Performance Tests - Video(H264)/Audio(AAC) RTSP streaming pipelines

From RidgeRun Developer Wiki

Introduction

In this document it is presented performance measurements for some H264 RTSP streaming pipelines. It was used a 1080p60 camera but using v4l2src plugin properties as crop-area it was possible to work with 1024x768 frames. Also some tests were made at 60fps or 30fps through decimate property.

Hardware setup

  • 1080p60 source video camera
  • DM8168 Z3 RPS
ARM clk: 987MHz
DDR clk: 675MHz
DRAM:  1 GiB
NAND:  256 MiB

Maximum bitrate according to each H264 profile and ARM load associated

For this test the next pipeline was used:

gst-launch v4l2src device=/dev/video5 always-copy=false queue-size=8 crop-area="448,156@1024x768" ! 
           'video/x-raw-yuv-strided,format=(fourcc)NV12,width=1024,height=768,framerate=(fraction)60/1' ! 
           omxbufferalloc numBuffers=12 ! 
           gstperf ! 
           omx_h264enc output-buffers=16 input-buffers=10 force-idr-period=30 i-period=30 bitrate=6000000  profile=base ! 
           queue !
           rr_h264parser singleNalu=true ! 
           video/x-h264, mapping=/stream1 ! 
           rtspsink name=sink service=5001

The results shown on Table 1 were gotten by changing bitrate and profile properties in omx_h264enc plugin and taking the average of the ARM load output reported by gstperf each second.

Table 1. ARM load average for several bitrate values according to each H264 profile
Bitrate Base Profile Main Profile High Profile

5Mbps

14.29% 13.96% 13.91%

10Mbps

19.63% 19.23% 18.15%

15Mbps

23.96% 23.83% 23.50%

20Mbps

28.99% 28.80% 28.69%

25Mbps

34.16% 33.45% 33.30%

30Mbps

38.32% 38.13% 37.83%

35Mpbs

42.13% 42.45% 43.19%

As a conclusion for this test, for different bitrates the ARM load associated to each H264 profile is not significant, basically the bitrate itself is what determines the how much ARM load consumes the pipeline.

Four channels for RTSP and one single Ethernet port using rtspsink

For this tests it was used a tee element to send the H264 encoder output to four RTSP channels through a single Ethernet port.

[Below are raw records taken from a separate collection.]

(* Let $\lambda,\alpha_1,\alpha_2\in\mathbb{C}^*$ and consider the tensor product $\mathcal{W}$-module $\Omega(\lambda,\alpha_1)\otimes\Omega(\lambda,\alpha_2)$ (both factors being $\mathbb{C}[Y]$). Let $U=\mathrm{span}\{\sum_{t=0}^{j}\binom{j}{t}Y^{j-t}\otimes Y^t\mid j\in\mathbb{N}\}$. Then $U$ is a nonzero proper $\mathcal{W}$-submodule of $\Omega(\lambda,\alpha_1)\otimes\Omega(\lambda,\alpha_2)$; consequently $\Omega(\lambda,\alpha_1)\otimes\Omega(\lambda,\alpha_2)$ is a reducible $\mathcal{W}$-module.
   Context: The Witt algebra $\mathcal{W}$ is the complex Lie algebra with basis $\{L_m\mid m\in\mathbb{Z}\}$ and bracket $[L_m,L_n]=(n-m)L_{m+n}$. For $\lambda\in\mathbb{C}^*$ and $\alpha\in\mathbb{C}$, $\Omega(\lambda,\alpha)$ denotes the $\mathcal{W}$-module $\mathbb{C}[Y]$ with $L_m f(Y)=\lambda^m(Y+m\alpha)f(Y-m)$ for $m\in\mathbb{Z}$. The tensor product has action $L_m(v\otimes w)=L_mv\otimes w+v\otimes L_mw$. $\mathbb{N}$ denotes non-negative integers. *)

(* The complex field is modelled as R[i] (mathcomp-real-closed
   `complex`) for an arbitrary R : realType (so R[i] is the field of complex numbers). *)
From HB Require Import structures.
From mathcomp Require Import all_boot all_order all_algebra.
From mathcomp Require Import reals complex.
Set Implicit Arguments. Unset Strict Implicit. Unset Printing Implicit Defensive.
Import Order.TTheory GRing.Theory Num.Theory.
Local Open Scope ring_scope.

Definition omegaGen (K : comNzRingType) (c a : K) (m : int) (f : {poly K}) : {poly K} :=
  c *: (('X + (m%:~R * a)%:P) * (f \Po ('X - (m%:~R)%:P))).

Definition OmegaAct (R : realType) (lam al : R[i]) (m : int) (f : {poly R[i]}) : {poly R[i]} :=
  omegaGen (lam ^ m) al m f.

(* Model of the tensor product C[Y] (x) C[Y]:  {poly {poly C}}, where the inner
   (coefficient) polynomials carry the first tensor factor and the outer variable
   carries the second one. *)
Definition tens (R : realType) (v w : {poly R[i]}) : {poly {poly R[i]}} :=
  map_poly (fun c => c *: v) w.

(* Action of L_m on Omega(lam,a1) (x) Omega(lam,a2): L_m acting on the first
   factor (coefficientwise) plus L_m acting on the second factor, so that
   L_m (v (x) w) = L_m v (x) w + v (x) L_m w. *)
Definition tensAct (R : realType) (lam a1 a2 : R[i]) (m : int)
    (h : {poly {poly R[i]}}) : {poly {poly R[i]}} :=
  map_poly (OmegaAct lam a1 m) h + omegaGen ((lam ^ m)%:P) (a2%:P) m h.

Definition ugen (R : realType) (j : nat) : {poly {poly R[i]}} :=
  \sum_(t < j.+1) ('C(j, t))%:R *: tens ('X^(j - t)) ('X^t).

Definition inU (R : realType) (h : {poly {poly R[i]}}) : Prop :=
  exists (n : nat) (c : nat -> R[i]), h = \sum_(j < n) (c j)%:P *: ugen R j.

Definition is_submodule (R : realType) (lam a1 a2 : R[i])
    (S : {poly {poly R[i]}} -> Prop) : Prop :=
  [/\ S 0, (forall x y, S x -> S y -> S (x + y)),
      (forall (c : R[i]) x, S x -> S ((c%:P) *: x)) &
      (forall (m : int) x, S x -> S (tensAct lam a1 a2 m x))].

Definition tens_reducible (R : realType) (lam a1 a2 : R[i]) : Prop :=
  exists S : {poly {poly R[i]}} -> Prop,
    [/\ is_submodule lam a1 a2 S, (exists x, S x /\ x != 0) & (exists x, ~ S x)].

(** By the binomial theorem [u_j = (Y (x) 1 + 1 (x) Y)^j], so [U] is the image of
    the algebra map [p(Y) |-> p(Y (x) 1 + 1 (x) Y)].  As [L_m] shifts each tensor
    factor by [-m], it shifts [Y (x) 1 + 1 (x) Y] by [-m] too, and so acts on
    [p(Y (x) 1 + 1 (x) Y)] as it acts on [p] in [Omega(lambda, alpha1 + alpha2)]:
    [U] is a submodule.  It misses [1 (x) Y], since setting the second variable
    to [0] in [p(Y (x) 1 + 1 (x) Y)] gives back [p]. *)
From HB Require Import structures.
From mathcomp Require Import all_boot all_order all_algebra.
From mathcomp Require Import reals complex.
From mathcomp Require Import ring.
Import Order.TTheory GRing.Theory Num.Theory.
Local Open Scope ring_scope.

Section DiagonalEmbedding.

Context {K : comNzRingType}.

Local Notation polyC2 := (polyC \o polyC : K -> {poly {poly K}}).

Definition sumY : {poly {poly K}} := 'X%:P + 'X.

Definition at_sumY : {rmorphism {poly K} -> {poly {poly K}}} :=
  horner_morph (fun c => mulrC sumY (polyC2 c)).

Lemma at_sumYC c : at_sumY c%:P = polyC2 c.
Proof. exact: horner_morphC. Qed.

Lemma at_sumYX : at_sumY 'X = sumY.
Proof. exact: horner_morphX. Qed.

Lemma rmorph_at_sumY {S : nzRingType} (phi : {rmorphism {poly {poly K}} -> S})
    (f : K -> S) p :
  (forall c, phi (polyC2 c) = f c) -> phi (at_sumY p) = (map_poly f p).[phi sumY].
Proof.
move=> phiC; rewrite /at_sumY /= /horner_morph -horner_map -map_poly_comp.
by congr (_.[_]); apply: eq_map_poly.
Qed.

Lemma at_sumY_comp p q : at_sumY (p \Po q) = (map_poly polyC2 p).[at_sumY q].
Proof. by rewrite /at_sumY /= /horner_morph map_comp_poly horner_comp. Qed.

Lemma at_sumY_shift (n : K) : at_sumY ('X - n%:P) = sumY - polyC2 n.
Proof. by rewrite rmorphB at_sumYX at_sumYC. Qed.

Lemma at_sumY_shiftl (n : K) p :
  map_poly (comp_poly ('X - n%:P)) (at_sumY p) = at_sumY (p \Po ('X - n%:P)).
Proof.
rewrite at_sumY_comp at_sumY_shift.
rewrite (rmorph_at_sumY (map_poly (comp_poly _)) polyC2) => [|c].
  by rewrite /sumY rmorphD /= map_polyX map_polyC /= comp_polyX rmorphB /= addrAC.
by rewrite /= map_polyC /= comp_polyC.
Qed.

Lemma at_sumY_shiftr (n : K) p :
  at_sumY p \Po ('X - n%:P%:P) = at_sumY (p \Po ('X - n%:P)).
Proof.
rewrite at_sumY_comp at_sumY_shift (rmorph_at_sumY (comp_poly _) polyC2) => [|c].
  by rewrite /sumY rmorphD /= comp_polyC comp_polyX addrA.
by rewrite /= comp_polyC.
Qed.

Lemma at_sumY_at0 p : (at_sumY p).[0] = p.
Proof.
rewrite -[_.[0]]/(horner_eval 0 (at_sumY p)) (rmorph_at_sumY _ polyC) => [|c].
  by rewrite /= /horner_eval /sumY hornerD hornerX hornerC addr0; exact: comp_polyXr.
by rewrite /= /horner_eval hornerC.
Qed.

Lemma omegaGen_tens_at_sumY (c a1 a2 : K) (m : int) p :
  map_poly (omegaGen c a1 m) (at_sumY p) + omegaGen c%:P a2%:P m (at_sumY p)
  = at_sumY (omegaGen c (a1 + a2) m p).
Proof.
set n : K := m%:~R; have nE : m%:~R = n%:P by rewrite -(rmorph_int polyC).
have -> : map_poly (omegaGen c a1 m) (at_sumY p) =
    (c *: ('X + (n * a1)%:P))%:P *
      map_poly (comp_poly ('X - n%:P)) (at_sumY p).
  apply/polyP=> i; rewrite coefCM !coef_map_id0 ?comp_poly0 //.
    by rewrite /omegaGen scalerAl.
  by rewrite /omegaGen comp_poly0 mulr0 scaler0.
rewrite /omegaGen !nE at_sumY_shiftl at_sumY_shiftr -!mul_polyC.
rewrite [RHS]rmorphM [at_sumY (_ * _)]rmorphM rmorphD at_sumYX !at_sumYC.
move: (at_sumY _) => A; rewrite /sumY /=; ring.
Qed.

End DiagonalEmbedding.

Section TensorSubmodule.

Variable R : realType.

Lemma tensE (v w : {poly R[i]}) : tens v w = v%:P * map_poly polyC w.
Proof.
apply/polyP=> k; rewrite /tens coefCM coef_map_id0 ?scale0r // coef_map /=.
by rewrite -mul_polyC mulrC.
Qed.

Lemma ugenE j : ugen R j = sumY ^+ j.
Proof.
rewrite /ugen /sumY exprDn; apply: eq_bigr => t _.
by rewrite tensE map_polyXn scaler_nat rmorphXn.
Qed.

Lemma inU_image (h : {poly {poly R[i]}}) : inU h <-> exists p, h = at_sumY p.
Proof.
split=> [[n [c ->]]|[p ->]].
  exists (\sum_(j < n) c j *: 'X^j); rewrite rmorph_sum; apply: eq_bigr => j _.
  by rewrite -[c j *: _]mul_polyC rmorphM rmorphXn at_sumYC at_sumYX ugenE mul_polyC.
exists (size p), (fun j => p`_j); rewrite /at_sumY /= /horner_morph.
rewrite (horner_coef_wide _ (eq_leq (size_map_poly _ _))).
by apply: eq_bigr => j _; rewrite coef_map ugenE /= mul_polyC.
Qed.

Lemma tensAct_at_sumY (lam a1 a2 : R[i]) m p :
  tensAct lam a1 a2 m (at_sumY p) = at_sumY (OmegaAct lam (a1 + a2) m p).
Proof. exact: omegaGen_tens_at_sumY. Qed.

Lemma inU_submodule (lam a1 a2 : R[i]) : is_submodule lam a1 a2 (@inU R).
Proof.
split.
- by apply/inU_image; exists 0; rewrite rmorph0.
- move=> _ _ /inU_image[p ->] /inU_image[q ->]; apply/inU_image.
  by exists (p + q); rewrite rmorphD.
- move=> c _ /inU_image[p ->]; apply/inU_image.
  by exists (c%:P * p); rewrite rmorphM at_sumYC mul_polyC.
- move=> m _ /inU_image[p ->]; apply/inU_image.
  by exists (OmegaAct lam (a1 + a2) m p); rewrite tensAct_at_sumY.
Qed.

Lemma one_inU : inU (1 : {poly {poly R[i]}}).
Proof. by apply/inU_image; exists 1; rewrite rmorph1. Qed.

Lemma X_notin_inU : ~ inU ('X : {poly {poly R[i]}}).
Proof.
case/inU_image=> p Xp; have p0 : p = 0 by rewrite -(at_sumY_at0 p) -Xp hornerX.
by move/eqP: Xp; rewrite p0 rmorph0 polyX_eq0.
Qed.

End TensorSubmodule.

Theorem mainTheorem14 (R : realType) (lam a1 a2 : R[i]) :
  lam != 0 -> a1 != 0 -> a2 != 0 ->
  [/\ is_submodule lam a1 a2 (@inU R),
      (exists x, @inU R x /\ x != 0),
      (exists x, ~ @inU R x) &
      tens_reducible lam a1 a2].
Proof.
move=> _ _ _.
have nonzero : exists x, @inU R x /\ x != 0.
  by exists 1; split; [exact: one_inU | exact: oner_neq0].
have proper : exists x, ~ @inU R x by exists 'X; exact: X_notin_inU.
split=> //; first exact: inU_submodule.
by exists (@inU R); split=> //; exact: inU_submodule.
Qed.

gst-launch v4l2src device=/dev/video5 always-copy=false queue-size=12 crop-area="448,156@1024x768" ! 
           'video/x-raw-yuv-strided,format=(fourcc)NV12,width=1024,height=768,framerate=(fraction)60/1' ! 
           omxbufferalloc numBuffers=16 ! 
           gstperf name=stream1 ! 
           omx_h264enc output-buffers=4 input-buffers=4 force-idr-period=30 i-period=30 bitrate=6000000 profile=high ! 
           queue ! 
           rr_h264parser singleNalu=true ! 
           tee name=t1 t1.! 
           queue ! 
           video/x-h264, mapping=/stream1 ! 
           rtspsink name=sink service=5001 
           t1.! queue ! 
           video/x-h264, mapping=/stream2 ! 
           sink. 
           v4l2src device=/dev/video0 always-copy=false queue-size=12 crop-area="448,156@1024x768" ! 
           'video/x-raw-yuv-strided,format=(fourcc)NV12,width=1024,height=768,framerate=(fraction)60/1' ! 
           omxbufferalloc numBuffers=16 ! 
           gstperf name=stream2 ! 
           omx_h264enc output-buffers=4 input-buffers=4 force-idr-period=30 i-period=30 bitrate=6000000  profile=high ! 
           queue ! 
           rr_h264parser singleNalu=true ! 
           tee name=t2 t2. ! 
           queue ! 
           video/x-h264, mapping=/stream3 ! 
           sink. 
           t2. ! queue ! 
           video/x-h264, mapping=/stream4 ! 
           sink.

The average ARM load consumed by this test was 42.00%.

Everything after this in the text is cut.